Thanks agian for all of your for being so helpful

Dolev


On Thu, Aug 22, 2013 at 7:57 AM, Martin Morgan <mtmorgan@fhcrc.org> wrote:

> On 08/21/2013 01:46 PM, Cook, Malcolm wrote:
>
>> Well, there are many ways to skin this kind of cat (apologies to the
>> internet).
>>
>> Indeed, there are many cats that are slight variations on this cat.
>>
>> re: "since I'm looking for regulatory elements I am not interested in
>> this type of associations anyhow"
>>
>> I think that you should probably be handling this else-how.  If what you
>> mean is that there should be some minimal distance between your cgs and
>> your genes, then, you should probably explicitly make this a requirement,
>> and not add it as an afterthought when faced with the possibilities.
>>
>> That said, if you are wed to the exact to the exact results you
>> specified, and you want explicitly to exclude overlaps with your cgs, I
>> think you will find that you will want to compose something along these
>> lines:
>>
>>
>> 1)      use precede and follow each twice to generate your two candidate
>> neighbors
>>
>
> Not sure if this is what Malcolm meant, or if I'm being a little
> simplistic, but maybe with
>
>     subj = GRanges("A", IRanges(seq(10, 50, 10), width=1), "+")

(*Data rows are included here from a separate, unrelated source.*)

Lemma homog_factorization_unit I : star_ideal D star I -> integral D I -> I 1 ->
  homog_factorization D star I 0 (fun _ => D).
Proof.
move=> [fI _] iI I1; split => //.
exact: eqs_trans (eqs_D_of_1 (frac_submod fI) iI I1) (eqs_sym star_D).
Qed.

Lemma homog_factorization_cons I A B m G :
  star_homog D star A -> homog_factorization D star B m G ->
  (forall j, (j < m)%N -> star_comaximal D star A (G j)) ->
  seteq I (star (iprod D A B)) ->
  homog_factorization D star I m.+1 (fun i => if (i < m)%N then G i else A).
Proof.
move=> hA hG cAG eI; set G' := fun i => _.
have fA := homog_frac hA; have fGm := hfac_frac_prod hG.
have fB : frac B := frac_eqs (star_frac fGm) (eqs_sym (hfac_eq hG)).
have e1 : seteq (iprodn D m G') (iprodn D m G).
  by apply: iprodn_eqs => i hi; rewrite /G' hi; exact: eqs_refl.
have fG'm : frac (iprodn D m G') := frac_eqs fGm (eqs_sym e1).
split.
- move=> i hi; rewrite /G'; case: ifP => h; last exact: hA.
  exact: (hfac_homog hG h).
- move=> i j hi hj ne; rewrite /G'.
  case: ifP => hi'; case: ifP => hj'.
  + exact: (hfac_comax hG hi' hj' ne).
  + exact: (comaxC fA (hfac_frac hG hi') (cAG i hi')).
  + exact: cAG.
  + have ei : i = m by apply/eqP; rewrite eqn_leq -ltnS hi leqNgt hi'.
    have ej : j = m by apply/eqP; rewrite eqn_leq -ltnS hj leqNgt hj'.
    by case: ne; rewrite ei ej.
- rewrite /= {2}/G' ltnn.
  apply: eqs_trans eI _.
  apply: eqs_trans (star_eqs (frac_iprod fA fB) (iprodC _ _)) _.
  apply: (star_iprod_congr fB fA fG'm fA _ (eqs_refl _)).
  apply: eqs_trans (star_eqs fB (hfac_eq hG)) _.
  exact: eqs_trans (star_idem fGm) (star_eqs fGm (eqs_sym e1)).
Qed.

Lemma homog_factorization_inactive n p H I : (forall i, (i < n)%N -> ~ p i) ->
  star_ideal D star I -> integral D I -> subset (star (iprodn D n (mask p H))) I ->
  exists m G, homog_factorization D star I m G.
Proof.
move=> hn sI iI hs; exists 0%N, (fun _ => D); apply: homog_factorization_unit => //.
have e : seteq (iprodn D n (mask p H)) D.
  by apply: iprodn_trivial => i hi; apply: mask_off; apply: hn.
apply: hs; apply: (proj2 (star_eqs (frac_eqs frac_D (eqs_sym e)) e)).
exact: (proj2 star_D _ dom1).
Qed.

Lemma star_ideal_split_linked H0 n p H I : star_homog D star H0 -> homog_on n p H ->
  star_ideal D star I -> integral D I -> subset (star (iprodn D n (mask p H))) I ->
  seteq I (star (iprod D (star (isum I (iprodn D n (mask (fun i => p i /\ linked H0 (H i)) H))))
                         (star (isum I (iprodn D n (mask (fun i => p i /\ ~ linked H0 (H i)) H)))))).
Proof.
move=> hH0 hH sI iI hsub.
have hin : homog_on n (fun i => p i /\ linked H0 (H i)) H by apply: (homog_on_sub hH) => i [].
have hout : homog_on n (fun i => p i /\ ~ linked H0 (H i)) H by apply: (homog_on_sub hH) => i [].
apply: (star_ideal_split sI iI (frac_iprodn_mask hin) (frac_iprodn_mask hout)
  (integral_iprodn_mask hin) (integral_iprodn_mask hout) (comax_linked_unlinked hH0 hH)).
apply: sub_trans hsub; apply: (proj2 (star_eqs (frac_iprodn_mask hH) _)).
apply: iprodn_mask_split.
- by move=> i hi pi; exact: (homog_submod (hH i hi pi)).
- move=> i; split => [pi|[[]|[]] //].
  by have [r|r] := classic (linked H0 (H i)); [left | right].
- by move=> i [[_ r1] [_ r2]].
Qed.

(* The factors linked to [H0] are absorbed in the star-homog ideal [A = (I + Pin)^*]; the
   remaining ones only matter through [B = (I + Pout)^*], and [I = (A B)^*]. *)
Lemma homog_factorization_split H0 n p H I :
  star_homog D star H0 -> homog_on n p H ->
  star_ideal D star I -> integral D I -> star_fg I ->
  subset (star (iprodn D n (mask p H))) I ->
  (exists m G, homog_factorization D star
     (star (isum I (iprodn D n (mask (fun i => p i /\ ~ linked H0 (H i)) H)))) m G) ->
  exists m G, homog_factorization D star I m G.
Proof.
move=> hH0 hH sI iI tI hsub [m [G hG]].
set pin := fun i => p i /\ linked H0 (H i).
set pout := fun i => p i /\ ~ linked H0 (H i).
have hin : homog_on n pin H by apply: (homog_on_sub hH) => i [].
have hout : homog_on n pout H by apply: (homog_on_sub hH) => i [].
set Pin := iprodn D n (mask pin H); set Pout := iprodn D n (mask pout H).
have fI := proj1 sI.
have fPin : frac Pin := frac_iprodn_mask hin.
have fPout : frac Pout := frac_iprodn_mask hout.
have iPin : integral D Pin := integral_iprodn_mask hin.
have fIin := frac_isum fI fPin; have fIout := frac_isum fI fPout.
set A := star (isum I Pin); set B := star (isum I Pout).
have fA : frac A := star_frac fIin; have fB : frac B := star_frac fIout.
have iA : integral D A by apply: star_integral => //; exact: integral_isum.
have eIAB : seteq I (star (iprod D A B)) := star_ideal_split_linked hH0 hH sI iI hsub.
have [A1|nA1] := classic (A 1).
  exists m, G; apply: homog_factorization_eqs hG.
  have eA : seteq A D := eqs_D_of_1 (star_submod fIin) iA A1.
  apply: eqs_trans eIAB _.
  apply: eqs_trans (star_eqs (frac_iprod fA fB) (iprod_eqs eA (eqs_refl _))) _.
  apply: eqs_trans (star_eqs (frac_iprod frac_D fB) (iprod_unitl (frac_submod fB))) _.
  exact: star_idem.
have PinA : subset Pin A.
  by apply: sub_trans (star_ext fIin); apply: isum_subr; exact: (submod0 (frac_submod fI)).
have PoutB : subset Pout B.
  by apply: sub_trans (star_ext fIout); apply: isum_subr; exact: (submod0 (frac_submod fI)).
have hA : star_homog D star A.
  apply: (star_homog_of_linked hH0 hin (fun i _ h => proj2 h) (conj iA nA1)
    (star_star_ideal fIin) _ PinA).
  exact: (finite_type_star fIin (star_fg_isum fI fPin tI (star_fg_iprodn_mask hin))).
exists m.+1, (fun i => if (i < m)%N then G i else A).
apply: (homog_factorization_cons hA hG _ eIAB) => j hj.
have hGj := hfac_homog hG hj.
apply: (comax_sup fPin fPout fA (homog_frac hGj) iA (homog_integral hGj) PinA
  (sub_trans PoutB (hfac_sub hG hj))).
exact: comax_linked_unlinked.
Qed.

(* [s] bounds the indices of the active factors; the induction is on its size. *)
Lemma homog_factorization_of_sup (s : seq nat) n p H I :
  homog_on n p H -> (forall i, (i < n)%N -> p i -> i \in s) ->
  star_ideal D star I -> integral D I -> star_fg I ->
  subset (star (iprodn D n (mask p H))) I ->
  exists m G, homog_factorization D star I m G.
Proof.
move: {2}(size s) (leqnn (size s)) => N.
elim: N s p I => [|N IH] s p I hs hH hps sI iI tI hsub.
  apply: (homog_factorization_inactive _ sI iI hsub) => i hi pi.
  by move: hs (hps i hi pi); rewrite leqn0 => /nilP ->.
have [[k [hk pk]]|none] := classic (exists k, (k < n)%N /\ p k); last first.
  by apply: (homog_factorization_inactive _ sI iI hsub) => i hi pi; apply: none; exists i.
have hHk := hH k hk pk.
apply: (homog_factorization_split hHk hH sI iI tI hsub).
pose pout i := p i /\ ~ linked (H k) (H i).
have hout : homog_on n pout H by apply: (homog_on_sub hH) => i [].
have fI := proj1 sI; have fPout := frac_iprodn_mask hout.
have fIout := frac_isum fI fPout.
apply: (IH (rem k s) pout _ _ hout _ (star_star_ideal fIout)).
- by rewrite size_rem ?(hps k hk pk) //; case: (size s) hs.
- move=> i hi [pi nr]; apply: (rem_mem _ (hps i hi pi)); apply/eqP => e.
  by apply: nr; rewrite -e; exact: (linked_refl (hH i hi pi)).
- exact: (star_integral fIout (integral_isum iI (integral_iprodn_mask hout))).
- exact: (star_fg_star fIout (star_fg_isum fI fPout tI (star_fg_iprodn_mask hout))).
- apply: (star_mono fPout fIout); apply: isum_subr.
  exact: (submod0 (frac_submod fI)).
Qed.

Lemma frac_inv I : frac I -> integral D I -> frac (Defs.inv D I).
Proof.
move=> fI iI; split.
- split.
  + by move=> y hy; rewrite mul0r; exact: dom0.
  + by move=> a b ha hb y hy; rewrite mulrDl; apply: domD; auto.
  + by move=> d a hd ha y hy; rewrite -mulrA; apply: domM; auto.
- exists 1; split; last exact: oner_neq0.
  by move=> y hy; rewrite mul1r; apply: iI.
- case: fI => _ [c [hc hc0]] _; exists c; split => //; first by apply: iI.
  by move=> x hx; rewrite mulrC; apply: hx.
Qed.

Lemma gen_sub_mem (u u' : seq K) : (forall a, a \in u -> a \in u') -> subset (gen D u) (gen D u').
Proof. by move=> h; apply: gen_lub; [exact: submod_gen | move=> a /h; exact: gen_in]. Qed.

Lemma iprod_gen_support I V z : iprod D I V z ->
  exists u : seq K, (forall a, a \in u -> I a) /\ iprod D (gen D u) V z.
Proof.
move: z; apply: iprod_lub; last first.
  move=> a b ha hb; exists [:: a]; split; first by move=> c; rewrite inE => /eqP ->.
  by apply: iprod_mul => //; apply: gen_in; rewrite inE.
split.
- by exists [::]; split => //; apply: submod0; apply: submod_iprod.
- move=> a b [u1 [h1 k1]] [u2 [h2 k2]]; exists (u1 ++ u2); split.
    by move=> c; rewrite mem_cat => /orP []; auto.
  apply: (@submodD (iprod D (gen D (u1 ++ u2)) V)); first exact: submod_iprod.
  + move: k1; apply: iprod_mono; last exact: sub_refl.
    by apply: gen_sub_mem => c hc; rewrite mem_cat hc.
  + move: k2; apply: iprod_mono; last exact: sub_refl.
    by apply: gen_sub_mem => c hc; rewrite mem_cat hc orbT.
- move=> d a hd [u [h k]]; exists u; split => //.
  by apply: (@submodM (iprod D (gen D u) V)) => //; exact: submod_iprod.
Qed.

Lemma iprod_gen_support_seq I V (t : seq K) : (forall a, a \in t -> iprod D I V a) ->
  exists u : seq K, (forall a, a \in u -> I a) /\ (forall a, a \in t -> iprod D (gen D u) V a).
Proof.
elim: t => [|a t IH] h; first by exists [::].
have [u1 [h1 k1]] := iprod_gen_support (h a (mem_head a t)).
have [u2 [h2 k2]] : exists u, (forall a, a \in u -> I a) /\
    (forall a, a \in t -> iprod D (gen D u) V a).
  by apply: IH => b hb; apply: h; rewrite inE hb orbT.
exists (u1 ++ u2); split; first by move=> c; rewrite mem_cat => /orP []; auto.
move=> b; rewrite inE => /orP [/eqP -> | hb].
  move: k1; apply: iprod_mono; last exact: sub_refl.
  by apply: gen_sub_mem => c hc; rewrite mem_cat hc.
move: (k2 b hb); apply: iprod_mono; last exact: sub_refl.
by apply: gen_sub_mem => c hc; rewrite mem_cat hc orbT.
Qed.

(* [I = I (G V)^* <= (G (I V))^* = G^*] *)
Lemma sub_star_of_star_unit I G V : frac I -> frac G -> frac V ->
  seteq (star (iprod D G V)) D -> seteq (star (iprod D I V)) D -> subset I (star G).
Proof.
move=> fI fG fV eGV eIV x hx.
have fGV := frac_iprod fG fV; have fIV := frac_iprod fI fV.
have x1 : iprod D I (star (iprod D G V)) x.
  by rewrite -(mulr1 x); apply: iprod_mul => //; apply: (proj2 eGV); exact: dom1.
have x2 := proj1 (star_iprod_starr fI fGV) _ (star_ext (frac_iprod fI (star_frac fGV)) x1).
have eIGV : seteq (iprod D I (iprod D G V)) (iprod D G (iprod D I V)).
  apply: eqs_trans (eqs_sym (iprodA _ _ _)) _.
  apply: eqs_trans (iprod_eqs (iprodC _ _) (eqs_refl _)) _.
  exact: iprodA.
have x3 := proj2 (star_iprod_starr fG fIV) _ (proj1 (star_eqs (frac_iprod fI fGV) eIGV) _ x2).
have x4 := proj1 (star_eqs (frac_iprod fG (star_frac fIV)) (iprod_eqs (eqs_refl G) eIV)) _ x3.
exact: (proj1 (star_eqs (frac_iprod fG frac_D) (iprod_unitr (frac_submod fG))) _ x4).
Qed.

(* By finite character, [1] already lies in [(J V)^*] for a finitely generated [J <= I]. *)
Lemma star_invertible_fg (hfc : finite_character D star) I :
  star_ideal D star I -> integral D I -> star_invertible D star I -> star_fg I.
Proof.
move=> [fI eI] iI hinv; set V := Defs.inv D I.
have fV := frac_inv fI iI; have fIV := frac_iprod fI fV.
have [J [fJ [t et] sJ J1]] := proj1 (hfc _ fIV) 1 (proj2 hinv _ dom1).
have [u [uI ut]] := iprod_gen_support_seq (fun a ha => sJ a (proj2 et a (gen_in ha))).
have [c [Ic c0]] : exists c, I c /\ c != 0 by case: fI.
set G := gen D (c :: u).
have fG : frac G := frac_gen (mem_head c u) c0.
have GI : subset G I.
  by apply: gen_lub; [exact: frac_submod | move=> a; rewrite inE => /orP [/eqP -> | /uI]].
have fGV := frac_iprod fG fV.
have JGV : subset J (iprod D G V).
  apply: sub_trans (proj1 et) _; apply: gen_lub; first exact: submod_iprod.
  move=> a ha; move: (ut a ha); apply: iprod_mono; last exact: sub_refl.
  by apply: gen_sub_mem => b hb; rewrite inE hb orbT.
have GV1 : star (iprod D G V) 1 := star_mono fJ fGV JGV J1.
have iGV : integral D (star (iprod D G V)).
  apply: sub_trans (proj1 hinv); apply: star_mono => //.
  by apply: iprod_mono => //; exact: sub_refl.
have eGV := eqs_D_of_1 (star_submod fGV) iGV GV1.
exists (c :: u); split => //; apply: (eqs_trans eI); split.
- exact: (sub_star_of_star_unit fI fG fV eGV hinv).
- exact: sub_trans (star_mono fG fI GI) (proj1 eI).
Qed.

Lemma homog_factorization_exists (hfc : finite_character D star) (hSH : star_SH D star) I :
  star_ideal D star I -> proper_integral D I -> star_invertible D star I ->
  exists n F, homog_factorization D star I n F.
Proof.
move=> sI [iI nI] hinv; have fI := proj1 sI.
have [x [Ix x0]] : exists x, I x /\ x != 0 by case: fI.
have nu : ~ D x^-1.
  by move=> h; apply: nI; rewrite -(mulVf x0); exact: (submodM (frac_submod fI) h Ix).
have [n [F [hF ex]]] := hSH x (iI x Ix) x0 nu.
have hH : homog_on n (fun _ => True) F by move=> i hi _; exact: hF.
apply: (homog_factorization_of_sup (s := iota 0 n) hH) => //.
- by move=> i hi _; rewrite mem_iota.
- exact: star_invertible_fg.
- apply: sub_trans (proj1 (star_eqs (frac_iprodn_mask hH) (eqs_sym (iprodn_mask_true n F)))) _.
  apply: sub_trans (proj2 ex) _.
  by move=> y [d [hd ->]]; exact: (submodM (frac_submod fI) hd Ix).
Qed.

End StarSH.

Theorem mainTheorem16 (K : fieldType) (D : K -> Prop)
    (star : (K -> Prop) -> (K -> Prop))
    (hD : is_domain_with_qf D) (hstar : is_star_op D star)
    (hfc : finite_character D star) (hSH : star_SH D star)
    (I : K -> Prop) (hI : star_ideal D star I) (hIp : proper_integral D I)
    (hIinv : star_invertible D star I) :
  exists (n : nat) (F : nat -> K -> Prop),
    homog_factorization D star I n F /\
    forall (m : nat) (G : nat -> K -> Prop),
      homog_factorization D star I m G ->
      m = n /\
      exists sigma : nat -> nat,
        [/\ (forall i, (i < n)%N -> (sigma i < n)%N),
            (forall i j, (i < n)%N -> (j < n)%N -> sigma i = sigma j -> i = j) &
            (forall i, (i < n)%N -> seteq (F i) (G (sigma i)))].
Proof.
have [n [F hF]] := homog_factorization_exists hD hstar hfc hSH hI hIp hIinv.
exists n, F; split => // m G hG.
exact: homog_factorization_unique hF hG.
Qed.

>     query = GRanges("A", IRanges(seq(31, 51, 10), width=1), "+")
>
> The first range that query follows is
>
>     f1 = follow(query, subj)
>
> and the second  is
>
>     f2 = follow(subj[f1], subj)
>
> giving the indexes into subj as
>
>     > f1
>     [1] 3 4 5
>     > f2
>     [1] 2 3 4
>
> I guess there are problems when there is no following range (so need to
> check for NA's before doing the second follow?
>
> Another strategy might simply
>
>     sort(subj)
>
> and then f2 = f1 - 1 (except when seqnames(subj)[f1] !=
> seqnames(subj)[f2]). Probably strand will confusing things!
>
> Martin
>
>
>> 2)      use the range or these candidates and search using findOverlaps
>> within them to see if there are others that were skipped
>>
>> Cheers,
>>
>> Malcolm
>>
>> From: d r [mailto:dolevrahat@gmail.com]

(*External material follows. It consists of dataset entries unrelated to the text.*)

(* [D] is the midpoint of the two perturbations [D + e H] and [D - e H]. *)
Lemma extremal_rigid r D (B Z : 'M[C]_(r, n * n)) (C0 : 'M[C]_(n * n, r)) (Y : 'M[C]_r) :
  extremal_Gamma D -> B = Z *m D -> B *m C0 = 1%:M -> ctrmx Y = Y -> Y != 0 ->
  ~ null_marginals (compress B Y).
Proof.
move=> [GD D_ext] hZ hC0 hY Y_neq0 H0; set H := compress B Y in H0.
have H_neq0 : H != 0.
  apply: contra Y_neq0 => /eqP H_eq0.
  have <- : compress C0 H = Y.
    by rewrite /H /compress !mulmxA -ctrmxM hC0 ctrmx1 mul1mx -mulmxA hC0 mulmx1.
  by rewrite H_eq0 /compress mulmx0 mul0mx.
have [e e_gt0 [psd_plus psd_minus]] := psd_perturb GD.1.1 hZ hY.
rewrite -/H -scaleNr in psd_minus.
have half_gt0 : (0 : C) < 2^-1 by rewrite invr_gt0 ltr0n.
have half_lt1 : (2^-1 : C) < 1 by rewrite invf_lt1 ?ltr0n // ltr1n.
have one_sub_half : (1 : C) - 2^-1 = 2^-1 by rewrite {1}(splitr 1) mul1r addrK.
have D_mid : D = 2^-1 *: (D + e *: H) + (1 - 2^-1) *: (D + - e *: H).
  rewrite one_sub_half -scalerDr addrACA scaleNr subrr addr0 -mulr2n -scaler_nat.
  by rewrite scalerA mulVf ?pnatr_eq0 // scale1r.
have [/eqP] := D_ext _ _ _ (Gamma_perturb GD psd_plus H0)
  (Gamma_perturb GD psd_minus H0) half_gt0 half_lt1 D_mid.
rewrite -subr_eq0 addrC addKr scaler_eq0 (negbTE H_neq0) orbF.
by rewrite (negbTE (lt0r_neq0 e_gt0)).
Qed.

End Extremality.

Lemma split_lshift m k (i : 'I_m) : split (lshift k i) = inl i.
Proof. exact: (unsplitK (inl _ i)). Qed.

Lemma split_rshift m k (i : 'I_k) : split (rshift m i) = inr i.
Proof. exact: (unsplitK (inr _ i)). Qed.

Section DimensionCount.
Variables (C : numClosedFieldType) (n : nat).

Definition marginal_obs (q : 'I_(n * n + n * n)) : 'M[C]_(n * n) :=
  match split q with
  | inl k => kron (tunit C k) 1%:M
  | inr k => kron 1%:M (tunit C k)
  end.

(* Both marginals of any [H] have trace [\tr H]: this one linear relation among
   the [2 n^2] marginal coordinates is what gives the bound [2 n^2 - 1]. *)
Definition trace_weights : 'cV[C]_(n * n + n * n) :=
  \col_q match split q with
  | inl k => (1%:M : 'M[C]_n) (tidx k).1 (tidx k).2
  | inr k => - (1%:M : 'M[C]_n) (tidx k).1 (tidx k).2
  end.

Lemma trace_weights_neq0 : (0 < n)%N -> trace_weights != 0.
Proof.
move=> n_gt0; set i := Ordinal n_gt0.
apply/negP => /eqP/matrixP/(_ (lshift _ (tidxI (i, i))) 0).
by rewrite !mxE split_lshift tidxIK mxE eqxx => /eqP; rewrite oner_eq0.
Qed.

Lemma marginals_trace_weights (H : 'M[C]_(n * n)) :
  \sum_q stateval H (marginal_obs q) * trace_weights q 0 = 0.
Proof.
rewrite big_split_ord /=.
under eq_bigr => k _ do rewrite /marginal_obs mxE split_lshift mulrC.
under [X in _ + X]eq_bigr => k _ do rewrite /marginal_obs mxE split_rshift mulrN mulrC.
by rewrite sumrN -stateval_kron_sum_l -stateval_kron_sum_r subrr.
Qed.

Variables (r : nat) (B : 'M[C]_(r, n * n)).

Definition marginal_mx : 'M[C]_(r * r, n * n + n * n) :=
  \matrix_(p, q) stateval (compress B (vec_mx (delta_mx 0 p))) (marginal_obs q).

Lemma marginal_mxE u q :
  (u *m marginal_mx) 0 q = stateval (compress B (vec_mx u)) (marginal_obs q).
Proof.
rewrite {2}(row_sum_delta u) (linear_comb_sum (f := fun X =>
  stateval (compress B (vec_mx X)) (marginal_obs q))).
  by rewrite mxE; apply: eq_bigr => p _; rewrite mxE.
by move=> a x y; rewrite linearP compressD compressZ statevalDl statevalZl.
Qed.

Lemma exists_null_marginal_compression :
  (0 < n)%N -> (2 * n ^ 2 - 1 < r * r)%N ->
  exists2 Y : 'M[C]_r, Y != 0 & null_marginals (compress B Y).
Proof.
move=> n_gt0 r_large.
have mx_weights : marginal_mx *m trace_weights = 0.
  apply/matrixP => p j; rewrite ord1 !mxE -[RHS](marginals_trace_weights
    (compress B (vec_mx (delta_mx 0 p)))).
  by apply: eq_bigr => q _; rewrite mxE.
have rank_le : (\rank marginal_mx <= n * n + n * n - 1)%N.
  have /mxrankS : (marginal_mx <= kermx trace_weights)%MS by exact/sub_kermxP.
  rewrite mxrank_ker => /leq_trans; apply; rewrite leq_sub2l // lt0n mxrank_eq0.
  exact: trace_weights_neq0.
set u := nz_row (kermx marginal_mx).
have u_neq0 : u != 0.
  rewrite nz_row_eq0 -mxrank_eq0 mxrank_ker -lt0n subn_gt0.
  by apply: leq_ltn_trans rank_le _; rewrite mulnn addnn -mul2n.
have u_ker : u *m marginal_mx = 0 by apply/sub_kermxP; exact: nz_row_sub.
exists (vec_mx u); first by rewrite vec_mx_eq0.
apply: null_marginals_tunit => k.
  by have := marginal_mxE u (lshift _ k); rewrite u_ker mxE /marginal_obs split_lshift.
by have := marginal_mxE u (rshift _ k); rewrite u_ker mxE /marginal_obs split_rshift.
Qed.

End DimensionCount.

(* One of [Y + ctrmx Y] and ['i (Y - ctrmx Y)] is nonzero. *)
Lemma hermitian_comb_neq0 (C : numClosedFieldType) r (Y : 'M[C]_r) : Y != 0 ->
  exists a b : C, ctrmx (a *: Y + b *: ctrmx Y) = a *: Y + b *: ctrmx Y
                  /\ a *: Y + b *: ctrmx Y != 0.
Proof.
move=> Y_neq0; have i_conj : ('i : C)^* = - 'i by rewrite conjCi.
case: (eqVneq (1 *: Y + 1 *: ctrmx Y) 0) => [skew|]; last first.
  by exists 1, 1; rewrite ctrmxD !ctrmxZ ctrmxK rmorph1 addrC.
exists 'i, (- 'i); split.
  by rewrite ctrmxD !ctrmxZ ctrmxK rmorphN /= i_conj opprK addrC.
have i_neq0 : ('i : C) != 0 by rewrite -normr_eq0 normCi oner_eq0.
have -> : ctrmx Y = - Y by move/eqP: skew; rewrite !scale1r addrC addr_eq0 => /eqP.
rewrite scaleNr scalerN opprK -mulr2n -scaler_nat scalerA scaler_eq0 negb_or Y_neq0.
by rewrite mulf_eq0 negb_or i_neq0 pnatr_eq0.
Qed.

Lemma extremal_rank_sq_le (C : numClosedFieldType) n (D : 'M[C]_(n * n)) :
  (0 < n)%N -> extremal_Gamma D -> (\rank D * \rank D <= 2 * n ^ 2 - 1)%N.
Proof.
move=> n_gt0 D_ext; rewrite leqNgt; apply/negP => r_large.
have [Z hZ] : exists Z, row_base D = Z *m D by apply/submxP; rewrite eq_row_base.
have [C0 hC0] := row_freeP (row_base_free D).
have [Y Y_neq0 HY] := exists_null_marginal_compression (row_base D) n_gt0 r_large.
have [a [b [Y'_herm Y'_neq0]]] := hermitian_comb_neq0 Y_neq0.
apply: extremal_rigid D_ext hZ hC0 Y'_herm Y'_neq0 _.
rewrite compressD !compressZ compress_ctrmx.
exact/null_marginals_comb/null_marginals_ctrmx.
Qed.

>> Sent: Wednesday, August 21, 2013 2:57 PM
>> To: Cook, Malcolm
>> Cc: Steve Lianoglou; bioconductor@r-project.org list
>> Subject: Re: [BioC] Using precede()/follow() to find two ranges
>>
>> Hi Malcolm
>> Thanks for your thoughtfulness.
>> For the specific problem I'm working on I intend to consider only the
>> TSSs of the genes, which I will compare against illumina 450k probes, which
>> are also single nucleotide ranges.
>> Therefore, I do not think that overlapping ranges should be an issue
>> here. Of course, it is theoretically possible that a probe may overlap a
>> TSS, but since I'm looking for regulatory elements I am not interested in
>> this type of associations anyhow.
>> So, any insight you may be able to offer on this problem will be highly
>> appreciated.
>>
>> However, I think that for my particular problem overlapping ranges should
>> not be an issue.
>>
>> On Wed, Aug 21, 2013 at 8:59 PM, Cook, Malcolm <MEC@stowers.org<mailto:
>> MEC@**stowers.org <MEC@stowers.org>>> wrote:
>> Dolev,
>>
>> Before chiming in on the problem as it is currently framed, I want to
>> make sure of something.
>>
>> The documentation for precede and follow read 'Overlapping ranges are
>> excluded.'.
>>
>> For instance if one of your cg ranges were to overlap one of your gene
>> ranges, any method based on precede/follow will not discover this
>> association.
>>
>> Is this really desirable for your application?
>>
>> -Malcolm
>>
>>
>>   >-----Original Message-----
>>   >From: bioconductor-bounces@r-**project.org<bioconductor-bounces@r-project.org>
>> <mailto:bioconducto**r-bounces@r-project.org<bioconductor-bounces@r-project.org>>
>> [mailto:bioconductor-bounces@**r-project.org<bioconductor-bounces@r-project.org>
>> <mailto:bioconduc**tor-bounces@r-project.org<bioconductor-bounces@r-project.org>>]
>> On Behalf Of d r
>>   >Sent: Wednesday, August 21, 2013 12:15 PM
>>   >To: Steve Lianoglou
>>   >Cc: bioconductor@r-project.org<**mailto:bioconductor@r-project.**org<bioconductor@r-project.org>>
>> list
>>   >Subject: Re: [BioC] Using precede()/follow() to find two ranges
>>   >
>>   >Hi Steve and all
>>   >
>>   >Thanks for your suggestion. I was in fact thinking in this direction.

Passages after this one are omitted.